Three very useful interpreted languages are found on most Unix systems:
sed is an editing utility that can be used to edit files according to instructions in an editing script. Rather than opening the file and using interactive editing commands, such as in vi or emacs, you use a very simple "editing language" to write a set of instructions -- a program -- that sed will execute on the file that you specify. This allows you to automate editing tasks that you might need to perform over and over on a set of files.
sed operates as a Unix filter that reads one or more files on disk, or its standard input, performs its editing tasks on the lines that it has read, and writes out the edited lines to standard output, which you would normally redirect to a file, or send into a pipe to another filter program.
sed was one of the earliest Unix utility programs and is standardized on all Unix distributions. The most useful editing instructions for sed are described on this page.

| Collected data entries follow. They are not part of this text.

(* Let $g$ be an odd positive integer and $j$ an integer with $0\leqslant j\leqslant (g-1)/2$. Then $\beta_-^{\,j+(g-1)/2}\beta_+^{\,g-1}\zeta_{g-2j-1}$ is congruent modulo $J_g$ to $c\,\gamma^{g-1}$ for some positive rational number $c$.
   Context: In $\mathbb{C}[\alpha,\beta,\gamma]$: $\zeta_i=0$ for $i<0$, $\zeta_0=1$, $\zeta_{k+1}=\alpha\zeta_k+k^2(\beta+(-1)^k8)\zeta_{k-1}+2k(k-1)\gamma\zeta_{k-2}$ for $k\geqslant0$; $J_k=(\zeta_k,\zeta_{k+1},\zeta_{k+2})$; $\beta_\pm=\beta\pm8$. *)

From HB Require Import structures.
From mathcomp Require Import all_boot all_order all_algebra all_field.
From mathcomp Require Import mpoly.
Set Implicit Arguments. Unset Strict Implicit. Unset Printing Implicit Defensive.
Import Order.TTheory GRing.Theory Num.Theory.
Local Open Scope ring_scope.

Definition P := {mpoly algC[3]}.

Definition alpha : P := 'X_(0 : 'I_3).
Definition beta  : P := 'X_(1 : 'I_3).
Definition gamma : P := 'X_(2 : 'I_3).

Definition beta_plus  : P := beta + 8%:R.
Definition beta_minus : P := beta - 8%:R.

(* zs n = zeta_{n-2}; so zs 0 = zeta_{-2} = 0, zs 1 = zeta_{-1} = 0,
   zs 2 = zeta_0 = 1, and for k >= 0, zs (k+3) = zeta_{k+1} given by
   zeta_{k+1} = alpha zeta_k + k^2 (beta + (-1)^k 8) zeta_{k-1}
                + 2 k (k-1) gamma zeta_{k-2}. *)
Fixpoint zs (n : nat) : P :=
  match n with
  | 0 => 0
  | 1 => 0
  | 2 => 1
  | S ((S ((S k) as k1)) as k2) =>
      alpha * zs k2
      + (k%:R ^+ 2) * (beta + (-1) ^+ k * 8%:R) * zs k1
      + 2%:R * k%:R * (k%:R - 1) * gamma * zs k
  end.

Definition zeta (k : nat) : P := zs k.+2.

Definition congr_mod_J (k : nat) (p q : P) : Prop :=
  exists a b d : P, p - q = a * zeta k + b * zeta k.+1 + d * zeta k.+2.

From HB Require Import structures.
From mathcomp Require Import all_boot all_order all_algebra all_field.
From mathcomp Require Import mpoly.
From mathcomp Require Import ring lra zify.
Set Implicit Arguments.
Unset Strict Implicit.
Unset Printing Implicit Defensive.

Import Order.TTheory GRing.Theory Num.Theory.
Local Open Scope ring_scope.

(** Write [wzeta n k] for beta_-^(n + floor(k/2)) beta_+^(n + ceil(k/2)) zeta_k; the
    element of the theorem is beta_+^i * wzeta (2j) (2i) with i = (g-1)/2 - j.
    Since alpha and beta_- lie in J_1 and gamma J_h is contained in J_(h+1) (the
    recurrence for zeta_(h+3) solves for gamma zeta_h), modulo J_(h+1) the products
    of gamma^h with alpha or beta_- vanish and beta_+ acts as 16.  Multiplying the
    recurrence for zeta_(k+2) by a suitable weight expresses (k+1)^2 wzeta n k
    through wzeta (n-1) (k+1), wzeta (n-2) (k+2) and gamma * wzeta n (k-1), all at
    level n+k+1.  Induction on n, then k, gives wzeta n k == c gamma^(n+k) modulo
    J_(n+k+1) for a rational c, and the induced recurrence on c shows that
    (-1)^k c > 0 whenever n is even. *)

Section IdealOfThree.
Variables (R : comNzRingType) (a b c : R).

Definition ideal3 (x : R) : Prop := exists u v w, x = u * a + v * b + w * c.

Lemma ideal3_0 : ideal3 0.
Proof. by exists 0, 0, 0; ring. Qed.

Lemma ideal3_gen1 : ideal3 a. Proof. by exists 1, 0, 0; ring. Qed.
Lemma ideal3_gen2 : ideal3 b. Proof. by exists 0, 1, 0; ring. Qed.
Lemma ideal3_gen3 : ideal3 c. Proof. by exists 0, 0, 1; ring. Qed.

Lemma ideal3D x y : ideal3 x -> ideal3 y -> ideal3 (x + y).
Proof.
by move=> [u [v [w ->]]] [u' [v' [w' ->]]]; exists (u + u'), (v + v'), (w + w'); ring.
Qed.

Lemma ideal3Ml y x : ideal3 x -> ideal3 (y * x).
Proof. by move=> [u [v [w ->]]]; exists (y * u), (y * v), (y * w); ring. Qed.

Lemma ideal3B x y : ideal3 x -> ideal3 y -> ideal3 (x - y).
Proof. by move=> Ix Iy; rewrite -mulN1r; apply: ideal3D => //; apply: ideal3Ml. Qed.

Lemma ideal3_cancel y k x : y * k = 1 -> ideal3 (k * x) -> ideal3 x.
Proof. by move=> yk1 Ikx; rewrite -[x]mul1r -yk1 -mulrA; apply: ideal3Ml. Qed.

Lemma ideal3_subX x y n : ideal3 (x - y) -> ideal3 (x ^+ n - y ^+ n).
Proof.
move=> Ixy; elim: n => [|n IHn]; first by rewrite subrr; apply: ideal3_0.
have -> : x ^+ n.+1 - y ^+ n.+1 = x * (x ^+ n - y ^+ n) + y ^+ n * (x - y).
  by rewrite !exprS; ring.
by apply: ideal3D; apply: ideal3Ml.
Qed.

End IdealOfThree.

Lemma sign_oddE (R : pzRingType) k : (-1) ^+ k = (if odd k then -1 else 1) :> R.
Proof. by rewrite -signr_odd; case: (odd k). Qed.

Local Notation J g := (ideal3 (zeta g) (zeta g.+1) (zeta g.+2)).
Local Notation ratP c := ((ratr c : algC)%:MP : P).

Lemma zeta0 : zeta 0 = 1. Proof. by []. Qed.
Lemma zeta1 : zeta 1 = alpha. Proof. by rewrite /zeta /=; ring. Qed.
Lemma zeta2 : zeta 2 = alpha * zeta 1 + beta_minus.
Proof. by rewrite /zeta /beta_minus /=; ring. Qed.

Lemma zeta_rec k :
  zeta k.+3 = alpha * zeta k.+2 + (k.+2 ^ 2)%:R * (beta + (-1) ^+ k * 8%:R) * zeta k.+1
              + (2 * k.+2 * k.+1)%:R * gamma * zeta k.
Proof.
have zsS n : zs n.+3 = alpha * zs n.+2 + (n%:R ^+ 2) * (beta + (-1) ^+ n * 8%:R) * zs n.+1
                       + 2%:R * n%:R * (n%:R - 1) * gamma * zs n by [].
by rewrite /zeta zsS !exprS; ring.
Qed.

Lemma zeta_in_J g m : (g <= m)%N -> J g (zeta m).
Proof.
elim/ltn_ind: m => m IHm le_gm.
have [lt_m_g3 | le_g3_m] := ltnP m (g + 3).
  have : m = g \/ m = g.+1 \/ m = g.+2 by lia.
  by case=> [|[|]] ->; [apply: ideal3_gen1 | apply: ideal3_gen2 | apply: ideal3_gen3].
have [k m_eq] : exists k, m = k.+3 by exists (m - 3)%N; lia.
by rewrite m_eq zeta_rec; do !apply: ideal3D; apply: ideal3Ml; apply: IHm; lia.
Qed.

Lemma J_natr_cancel g N x : (0 < N)%N -> J g (N%:R * x) -> J g x.
Proof.
move=> N_gt0; apply: (ideal3_cancel (y := ((N%:R)^-1 : algC)%:MP)).
by rewrite -mpolyC_nat -mpolyCM mulVf ?mpolyC1 // pnatr_eq0 -lt0n.
Qed.

Lemma J_gamma g x : J g x -> J g.+1 (gamma * x).
Proof.
have J_gamma_zeta : J g.+1 (gamma * zeta g).
  apply: (@J_natr_cancel _ (2 * g.+2 * g.+1)); first by lia.
  have -> : (2 * g.+2 * g.+1)%:R * (gamma * zeta g) = zeta g.+3 - alpha * zeta g.+2
      - (g.+2 ^ 2)%:R * (beta + (-1) ^+ g * 8%:R) * zeta g.+1 by rewrite zeta_rec; ring.
  by apply: ideal3B; [apply: ideal3B | apply: ideal3Ml];
    [| apply: ideal3Ml |]; apply: zeta_in_J; lia.
case=> u [v [w ->]].
have -> : gamma * (u * zeta g + v * zeta g.+1 + w * zeta g.+2)
    = u * (gamma * zeta g) + v * gamma * zeta g.+1 + w * gamma * zeta g.+2 by ring.
by do !apply: ideal3D; apply: ideal3Ml => //; apply: zeta_in_J; lia.
Qed.

Lemma gammaX_J g x : J 1 x -> J g.+1 (gamma ^+ g * x).
Proof.
move=> J1x; elim: g => [|g IHg]; first by rewrite mul1r.
by rewrite exprS -mulrA; apply: J_gamma.
Qed.

Lemma J1_alpha : J 1 alpha.
Proof. by rewrite -zeta1; apply: ideal3_gen1. Qed.

Lemma J1_beta_minus : J 1 beta_minus.
Proof.
have -> : beta_minus = zeta 2 - alpha * zeta 1 by rewrite zeta2; ring.
by apply: ideal3B; [apply: ideal3_gen2 | apply: ideal3Ml; apply: ideal3_gen1].
Qed.

Lemma J1_beta_plus : J 1 (beta_plus - ratP 16%:R).
Proof.
have -> : beta_plus - ratP 16%:R = beta_minus by rewrite /beta_plus /beta_minus; ring.
exact: J1_beta_minus.
Qed.

Lemma J1_beta_sign k :
  J 1 ((beta - (-1) ^+ k * 8%:R) - ratP (8%:R - (-1) ^+ k * 8%:R)).
Proof.
have -> : beta - (-1) ^+ k * 8%:R - ratP (8%:R - (-1) ^+ k * 8%:R) = beta_minus.
  by rewrite /beta_minus !sign_oddE; case: (odd k); ring.
exact: J1_beta_minus.
Qed.

Definition congr_gamma (g : nat) (x : P) (c : rat) : Prop :=
  J g.+1 (x - ratP c * gamma ^+ g).

Lemma congr_gammaB g x y c d :
  congr_gamma g x c -> congr_gamma g y d -> congr_gamma g (x - y) (c - d).
Proof.
move=> Jx Jy; rewrite /congr_gamma.
have -> : x - y - ratP (c - d) * gamma ^+ g
    = (x - ratP c * gamma ^+ g) - (y - ratP d * gamma ^+ g) by ring.
exact: ideal3B.
Qed.

Lemma congr_gammaMn g N x c :
  congr_gamma g x c -> congr_gamma g (N%:R * x) (N%:R * c).
Proof.
rewrite /congr_gamma => Jx.
have -> : N%:R * x - ratP (N%:R * c) * gamma ^+ g
    = N%:R * (x - ratP c * gamma ^+ g) by ring.
exact: ideal3Ml.
Qed.

Lemma congr_gamma_natr_cancel g N x c : (0 < N)%N ->
  congr_gamma g (N%:R * x) c -> congr_gamma g x (c / N%:R).
Proof.
move=> N_gt0 JNx; apply: (J_natr_cancel N_gt0).
have -> : N%:R * (x - ratP (c / N%:R) * gamma ^+ g) = N%:R * x - ratP c * gamma ^+ g.
  have NcN : N%:R * (c / N%:R) = c by rewrite mulrC divfK // pnatr_eq0 -lt0n.
  by rewrite -[in RHS]NcN; ring.
exact: JNx.
Qed.

Lemma congr_gamma_mul x v g y c : J 1 (x - ratP v) ->
  congr_gamma g y c -> congr_gamma g (x * y) (v * c).
Proof.
rewrite /congr_gamma => Jxv Jy.
have -> : x * y - ratP (v * c) * gamma ^+ g
    = x * (y - ratP c * gamma ^+ g) + ratP c * (gamma ^+ g * (x - ratP v)) by ring.
by apply: ideal3D; apply: ideal3Ml => //; apply: gammaX_J.
Qed.

Lemma congr_gamma_mul0 x g y c : J 1 x -> congr_gamma g y c -> congr_gamma g (x * y) 0.
Proof.
move=> J1x; rewrite -(mul0r c); apply: congr_gamma_mul.
by rewrite rmorph0 mpolyC0 subr0.
Qed.

Lemma congr_gamma_gamma g y c :
  congr_gamma g y c -> congr_gamma g.+1 (gamma * y) c.
Proof.
rewrite /congr_gamma => Jy.
have -> : gamma * y - ratP c * gamma ^+ g.+1
    = gamma * (y - ratP c * gamma ^+ g) by rewrite exprS; ring.
exact: J_gamma.
Qed.

Lemma congr_gamma_zeta g m x : (g < m)%N -> congr_gamma g (x * zeta m) 0.
Proof.
move=> lt_gm; rewrite /congr_gamma.
have -> : x * zeta m - ratP 0 * gamma ^+ g = x * zeta m by ring.
by apply: ideal3Ml; apply: zeta_in_J.
Qed.

Definition wt (n k : nat) : P := beta_minus ^+ (n + k./2) * beta_plus ^+ (n + uphalf k).

Definition wzeta (n k : nat) : P := wt n k * zeta k.

Lemma wt_shift n k : wt n.+1 k = wt n k.+2.
Proof. by rewrite /wt /= !addnS. Qed.

Lemma wt_succ n k : wt n k * (beta + (-1) ^+ k * 8%:R) = wt n k.+1.
Proof.
rewrite /wt (_ : k.+1./2 = uphalf k) // (_ : uphalf k.+1 = k./2.+1) //.
rewrite uphalf_half sign_oddE; case: (odd k);
  by rewrite ?add0n ?add1n !addnS !exprS !exprD /beta_minus /beta_plus; ring.
Qed.

Lemma wt_succ_succ n k : wt n.+2 k = (beta - (-1) ^+ k * 8%:R) * wt n k.+3.
Proof.
rewrite /wt (_ : k.+3./2 = (uphalf k).+1) // (_ : uphalf k.+3 = k./2.+2) //.
rewrite uphalf_half sign_oddE; case: (odd k);
  by rewrite ?add0n ?add1n !addnS !addSn !exprS !exprD /beta_minus /beta_plus; ring.
Qed.

Lemma wt_succ1 n : wt n.+1 1 = beta_plus * wt n 2.
Proof. by rewrite wt_shift -wt_succ expr2 mulN1r opprK mul1r mulrC. Qed.

Lemma wzeta_rec0 n : wzeta n.+1 0 = wt n 1 * zeta 2 - alpha * wzeta n 1.
Proof. by rewrite /wzeta /wt zeta2 zeta0 !addn0 !addn1 !exprS; ring. Qed.

Lemma wzeta_recS n k :
  (k.+2 ^ 2)%:R * wzeta n k.+1 = wt n k * zeta k.+3 - alpha * (wt n k * zeta k.+2)
                                 - (2 * k.+2 * k.+1)%:R * gamma * wzeta n k.
Proof. by rewrite /wzeta -wt_succ zeta_rec; ring. Qed.

Lemma wt_zeta3_congr m k c : congr_gamma (m + k.+3) (wzeta m k.+3) c ->
  congr_gamma (m.+2 + k).+1 (wt m.+2 k * zeta k.+3) ((8%:R - (-1) ^+ k * 8%:R) * c).
Proof.
rewrite wt_succ_succ -mulrA !addSn -!addnS.
exact: congr_gamma_mul (J1_beta_sign k).
Qed.

Lemma wt1_zeta2_congr m c : congr_gamma (m + 2) (wzeta m 2) c ->
  congr_gamma m.+2 (wt m.+1 1 * zeta 2) (16%:R * c).
Proof. by rewrite wt_succ1 -mulrA addn2; apply: congr_gamma_mul J1_beta_plus. Qed.

Lemma wzeta_congr0 n c1 d :
  congr_gamma n.+1 (wt n 1 * zeta 2) d -> congr_gamma n.+1 (wzeta n 1) c1 ->
  congr_gamma n.+1 (wzeta n.+1 0) d.
Proof.
move=> top mid; rewrite wzeta_rec0 -[d]subr0.
by apply: congr_gammaB => //; apply: congr_gamma_mul0 J1_alpha mid.
Qed.

Lemma wzeta_congrS n k c0 c1 d :
  congr_gamma (n + k) (wzeta n k) c0 ->
  congr_gamma (n + k).+1 (wt n k * zeta k.+2) c1 ->
  congr_gamma (n + k).+1 (wt n k * zeta k.+3) d ->
  congr_gamma (n + k).+1 (wzeta n k.+1)
              ((d - (2 * k.+2 * k.+1)%:R * c0) / (k.+2 ^ 2)%:R).
Proof.
move=> low mid top; apply: congr_gamma_natr_cancel; first by rewrite expn_gt0.
rewrite wzeta_recS -mulrA -[d]subr0.
apply: congr_gammaB; first by apply: congr_gammaB => //; apply: congr_gamma_mul0 J1_alpha mid.
by apply: congr_gammaMn; apply: congr_gamma_gamma.
Qed.

Lemma sign_step k (c0 d : rat) :
  0 < (-1) ^+ k * c0 -> 0 <= (-1) ^+ k.+1 * d ->
  0 < (-1) ^+ k.+1 * ((d - (2 * k.+2 * k.+1)%:R * c0) / (k.+2 ^ 2)%:R).
Proof.
move=> c0_pos d_nneg; rewrite mulrA divr_gt0 ?ltr0n ?expn_gt0 //.
have -> : (-1) ^+ k.+1 * (d - (2 * k.+2 * k.+1)%:R * c0)
    = (-1) ^+ k.+1 * d + (2 * k.+2 * k.+1)%:R * ((-1) ^+ k * c0) by rewrite exprS; ring.
by rewrite ltr_wpDl // mulr_gt0 // ltr0n.
Qed.

Lemma sign_top k (c : rat) :
  0 < (-1) ^+ k.+3 * c -> 0 <= (-1) ^+ k.+1 * ((8%:R - (-1) ^+ k * 8%:R) * c).
Proof. by rewrite !sign_oddE /=; case: (odd k) => /=; lra. Qed.

Lemma wzeta_congr n k : exists2 c, congr_gamma (n + k) (wzeta n k) c
                                  & (~~ odd n -> 0 < (-1) ^+ k * c).
Proof.
elim/ltn_ind: n k => n IHn; elim=> [|k [c0 low sign0]].
  case: n IHn => [|n] IHn.
    exists 1; last by rewrite mul1r.
    rewrite /congr_gamma /wzeta /wt zeta0 !expr0 !mul1r rmorph1 mpolyC1 mulr1 subrr.
    exact: ideal3_0.
  have [c1 mid _] := IHn n (ltnSn n) 1%N; rewrite addn1 in mid.
  have [d top sign_d] : exists2 d, congr_gamma n.+1 (wt n 1 * zeta 2) d & (odd n -> 0 < d).
    case: n IHn {mid} => [|m] IHn; first by exists 0; [apply: congr_gamma_zeta|].
    have [c2 wc2 sign2] := IHn m (leqnSn _) 2%N.
    exists (16%:R * c2); first exact: wt1_zeta2_congr.
    by move=> /sign2; rewrite sign_oddE mul1r; apply: mulr_gt0; rewrite ?ltr0n.
  exists d; first by rewrite addn0; exact: wzeta_congr0 top mid.
  by rewrite mul1r negbK.
have [c1 mid] : exists c1, congr_gamma (n + k).+1 (wt n k * zeta k.+2) c1.
  case: n IHn {low sign0} => [|m] IHn; first by exists 0; apply: congr_gamma_zeta.
  have [c1 wc1 _] := IHn m (ltnSn m) k.+2.
  by exists c1; rewrite wt_shift addSn -!addnS; exact: wc1.
have [d top sign_d] : exists2 d, congr_gamma (n + k).+1 (wt n k * zeta k.+3) d
                               & (~~ odd n -> 0 <= (-1) ^+ k.+1 * d).
  case: n IHn {low sign0 mid} => [|[|m]] IHn;
    try by exists 0; [apply: congr_gamma_zeta | rewrite mulr0].
  have [c2 wc2 sign2] := IHn m (leqnSn _) k.+3.
  exists ((8%:R - (-1) ^+ k * 8%:R) * c2); first exact: wt_zeta3_congr.
  by rewrite /= negbK => /sign2 /sign_top.
exists ((d - (2 * k.+2 * k.+1)%:R * c0) / (k.+2 ^ 2)%:R).
  by rewrite addnS; exact: wzeta_congrS low mid top.
by move=> n_even; apply: sign_step; [apply: sign0 | apply: sign_d].
Qed.

Theorem lemma4p2 (g j : nat) :
  odd g -> (j <= (g.-1)./2)%N ->
  exists c : rat, 0 < c /\
    congr_mod_J g
      (beta_minus ^+ (j + (g.-1)./2) * beta_plus ^+ (g.-1) * zeta (g - 2 * j - 1))
      ((ratr c : algC) *: gamma ^+ (g.-1)).
Proof.
move=> g_odd; rewrite -[g]odd_double_half g_odd add1n /= doubleK.
move: g./2 => h le_jh; have [i ->] : exists i, h = (j + i)%N by exists (h - j)%N; lia.
have [c wc] := wzeta_congr j.*2 i.*2.
rewrite sign_oddE !odd_double mul1r => /(_ isT) c_pos.
have J1_beta_plusX : J 1 (beta_plus ^+ i - ratP (16%:R ^+ i)).
  by rewrite !rmorphXn; apply: ideal3_subX J1_beta_plus.
exists (16%:R ^+ i * c); split; first by rewrite mulr_gt0 // exprn_gt0 // ltr0n.
have -> : beta_minus ^+ (j + (j + i)) * beta_plus ^+ (j + i).*2
          * zeta ((j + i).*2.+1 - 2 * j - 1) = beta_plus ^+ i * wzeta j.*2 i.*2.
  rewrite /wzeta /wt doubleK uphalf_double.
  have -> : ((j + i).*2.+1 - 2 * j - 1 = i.*2)%N by rewrite -!mul2n; lia.
  have -> : (j + (j + i) = j.*2 + i)%N by rewrite -!mul2n; lia.
  have -> : ((j + i).*2 = i + (j.*2 + i))%N by rewrite -!mul2n; lia.
  by rewrite !exprD; ring.
rewrite /congr_mod_J -mul_mpolyC doubleD.
exact: congr_gamma_mul J1_beta_plusX wc.
Qed.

awk is a pattern scanning and processing language. It has been optimized to let you look for lines within input data that match specified patterns, and then either select those lines for the output, delete them from the output, or edit them in some fashion before outputing them.
These same editing type tasks can be accomplished by sed, but awk goes beyond sed by allowing you to perform arbitrary actions, including arithmetic computations and running other Unix programs and processing their output, rather than just simple editing actions. awk scripts also can perform many of the operations of a shell script.
awk is an appropriate programming language to use whenever you need a simple way to manipulate input data according to patterns, do basic arithmetic, or trigger other actions or programs based on the contents of the data file.
Like sed, awk operates as a Unix filter program and can participate in pipelines.
awk was one of the earliest Unix utility programs and is standardized on all Unix distributions. The basic programming instructions for awk are described on this page.
perl is a very comprehensive interpreted language designed by programming guru Larry Wall. He wanted to combine the editing and pattern processing functions of sed and awk; the access to Unix programs provided by shell scripts; and the ability to call Unix system routines and efficiently perform complicated mathematical or character processing provided by compiled C programs.
In some sense, perl is a "superset" of these other languages. It is extremely powerful and has become a standard for writing scripts on web servers. Unfortunately, it is also quite complex. And it is not necessarily found on all Unix systems. Some vendors provide it, but in other cases, you must download and compile the source code yourself.
Competent programmers who are familiar with the C language will benefit from learning perl. For basic data processing, the simpler combination of sed, awk, and shell scripts is recommended.
The perl language is not described in these pages. Complete tutorial and reference books are available from the publisher O'Reilly and Associates. There are also entire USENET news groups devoted to perl.